A Sport Under the Gun
Canada's competitive shooting community is sounding the alarm. Members of the International Practical Shooting Confederation (IPSC) — a discipline that combines speed, accuracy, and movement through timed obstacle courses — say the federal government's 2022 handgun freeze has quietly put their sport on a path to extinction.
With approximately 6,000 Canadian members, IPSC is one of the country's most active competitive shooting organizations. But since Ottawa banned the sale, purchase, and transfer of handguns, participants say there is no legal way for most Canadians to acquire a competition handgun — and that means no new competitors can enter the sport.
'We Can't Replace What Wears Out'
Shooters in northern Alberta, many of whom have been competing for decades, describe a slow squeeze. Existing members can keep their registered handguns, but competition-grade firearms wear down over time. Parts become scarce. Guns break. And unlike other sports where you can walk into a store and replace your equipment, there is now no lawful path to acquire a new handgun for the vast majority of Canadians.
"It's not a ban on shooting — it's a ban on the future of shooting," one northern Alberta IPSC club member told CBC News. "In 10 years, we won't have equipment. The sport just quietly dies."
The 2022 freeze, introduced by the federal Liberal government as part of Bill C-21, halted the transfer of handguns between individuals and prohibited their sale to consumers.

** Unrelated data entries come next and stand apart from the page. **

Lemma subgroup_center_multiple (G : R3 -> Prop) (z : R) :
  is_subgroup G -> G (0, 0, z) -> forall k : Z, G (0, 0, IZR k * z).
Proof.
  intros HG Gz k.
  destruct (Z.le_ge_cases 0 k) as [Hk|Hk].
  - rewrite <- (Z2Nat.id k Hk), <- INR_IZR_INZ.
    now apply subgroup_center_nat_multiple.
  - replace (0, 0, IZR k * z) with (Hinv (0, 0, INR (Z.to_nat (- k)) * z)).
    + apply HG; now apply subgroup_center_nat_multiple.
    + rewrite INR_IZR_INZ, Z2Nat.id, opp_IZR by lia.
      apply R3_eq; unfold Hinv, c1, c2, c3; simpl; ring.
Qed.

Lemma periodic_mod_of_shift (G : R3 -> Prop) (s : R -> R3) (T : R) (g : R3) :
  is_subgroup G -> G g -> T <> 0 ->
  (forall t, s (t + T) = Hmul g (s t)) -> periodic_mod G s.
Proof.
  intros HG Gg HT Hs.
  destruct (Rlt_or_le 0 T) as [Tpos|Tneg].
  - exists T; split; [exact Tpos|]. intro t; exists g; auto.
  - exists (- T); split; [lra|]. intro t; exists (Hinv g); split; [now apply HG|].
    rewrite <- (Hmul_Hinv_cancel g (s (t + - T))), <- Hs.
    now replace (t + - T + T) with t by ring.
Qed.

Lemma dist3_refl (p : R3) : dist3 p p = 0.
Proof. unfold dist3, Rmax; rewrite !Rminus_diag, Rabs_R0; repeat destruct Rle_dec; lra. Qed.

Lemma dist3_sym (p q : R3) : dist3 p q = dist3 q p.
Proof. unfold dist3; now rewrite (Rabs_minus_sym (c1 p)), (Rabs_minus_sym (c2 p)), (Rabs_minus_sym (c3 p)). Qed.

Lemma dist3_ge_c1 (p q : R3) : Rabs (c1 p - c1 q) <= dist3 p q.
Proof. apply Rmax_l. Qed.

Lemma dist3_ge_c2 (p q : R3) : Rabs (c2 p - c2 q) <= dist3 p q.
Proof. eapply Rle_trans; [apply Rmax_l | apply Rmax_r]. Qed.

Section HorizontalFunctional.
Variables al be : R.

Definition hlin (p : R3) : R := al * c1 p + be * c2 p.

Lemma hlin_Hmul (g p : R3) : hlin (Hmul g p) = hlin g + hlin p.
Proof. unfold hlin, Hmul, c1, c2; simpl; ring. Qed.

Lemma hlin_lipschitz (p q : R3) :
  Rabs (hlin p - hlin q) <= (Rabs al + Rabs be) * dist3 p q.
Proof.
  unfold hlin.
  replace (al * c1 p + be * c2 p - (al * c1 q + be * c2 q))
    with (al * (c1 p - c1 q) + be * (c2 p - c2 q)) by ring.
  eapply Rle_trans; [apply Rabs_triang|]. rewrite !Rabs_mult, Rmult_plus_distr_r.
  apply Rplus_le_compat; apply Rmult_le_compat_l;
    auto using Rabs_pos, dist3_ge_c1, dist3_ge_c2.
Qed.

Lemma is_open3_hlin_lt (r : R) : is_open3 (fun p => Rabs (hlin p) < r).
Proof.
  intros p Hp. set (K := Rabs al + Rabs be).
  assert (HK : 0 <= K) by (unfold K; pose proof (Rabs_pos al); pose proof (Rabs_pos be); lra).
  exists ((r - Rabs (hlin p)) / (K + 1)); split; [apply Rdiv_lt_0_compat; lra|].
  intros q Hq.
  assert (Hd : 0 <= dist3 p q) by (eapply Rle_trans; [apply Rabs_pos | apply dist3_ge_c1]).
  assert (HKd : (K + 1) * dist3 p q < r - Rabs (hlin p)).
  { apply (Rmult_lt_compat_l (K + 1)) in Hq; [|lra].
    now replace ((K + 1) * ((r - Rabs (hlin p)) / (K + 1))) with (r - Rabs (hlin p))
      in Hq by (field; lra). }
  pose proof (hlin_lipschitz q p) as Hlip. fold K in Hlip. rewrite dist3_sym in Hlip.
  pose proof (Rabs_triang_inv (hlin q) (hlin p)). nra.
Qed.

Lemma not_cocompact_in_hlin_kernel (G : R3 -> Prop) :
  (al <> 0 \/ be <> 0) -> (forall g, G g -> hlin g = 0) -> ~ cocompact G.
Proof.
  intros Hnz Hker Hcpt.
  destruct (Hcpt nat (fun n p => Rabs (hlin p) < INR n)) as [l Hl].
  - intro n; split; [apply is_open3_hlin_lt|].
    intros g p Gg Hp. now rewrite hlin_Hmul, Hker, Rplus_0_l.
  - intro p. destruct (archimed (Rabs (hlin p))) as [Hup _].
    exists (Z.to_nat (up (Rabs (hlin p)))).
    rewrite INR_IZR_INZ, Z2Nat.id; [exact Hup|].
    apply le_IZR; pose proof (Rabs_pos (hlin p)); lra.
  - set (N := list_max l).
    assert (Hd : 0 < al * al + be * be)
      by (destruct Hnz as [H|H]; [pose proof (Rsqr_pos_lt al H) | pose proof (Rsqr_pos_lt be H)];
          unfold Rsqr in *; nra).
    destruct (Hl (al * INR N / (al * al + be * be), be * INR N / (al * al + be * be), 0))
      as [i [Hi Hlt]].
    replace (hlin _) with (INR N) in Hlt by (unfold hlin, c1, c2; simpl; field; lra).
    rewrite Rabs_right in Hlt by (apply Rle_ge, pos_INR).
    apply INR_lt in Hlt.
    assert (HiN : (i <= N)%nat).
    { apply (proj1 (Forall_forall _ l) (proj1 (list_max_le l N) (Nat.le_refl N)) i Hi). }
    lia.
Qed.
End HorizontalFunctional.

The government framed it as a public safety measure targeting gun violence in urban centres — but critics argue it has done little to address illegal firearms while placing an undue burden on law-abiding sport shooters.
A Distinct Community
IPSC competitors are, by definition, among Canada's most vetted gun owners. To own a restricted firearm like a handgun, they must hold a Possession and Acquisition Licence (PAL) with restricted endorsement, store firearms in approved safes, and transport them only to approved ranges. Background checks are ongoing.
Supporters of the ban argue the measures are a necessary step toward reducing handgun violence. But IPSC members say they are being conflated with a very different demographic — that the policy paints all handgun owners with the same brush regardless of how the firearms are used or stored.
The Clock Is Ticking
Club membership numbers across Alberta have held relatively steady since the freeze took effect, largely because existing shooters can continue to compete. The real concern, organizers say, is recruitment. With no legal pathway for new members to acquire the required equipment, the pipeline of future competitors has effectively been sealed shut.
Some members are watching closely to see whether a change in federal government — following the Liberals' defeat in the 2025 federal election — might lead to a reversal of the policy. The incoming Conservative government under Mark Carney's successor has signalled openness to revisiting aspects of C-21, but no formal legislative action has been taken.
For now, Alberta's IPSC community keeps showing up to the range, competing with the equipment they have, and hoping the sport they love outlasts the politics that threaten it.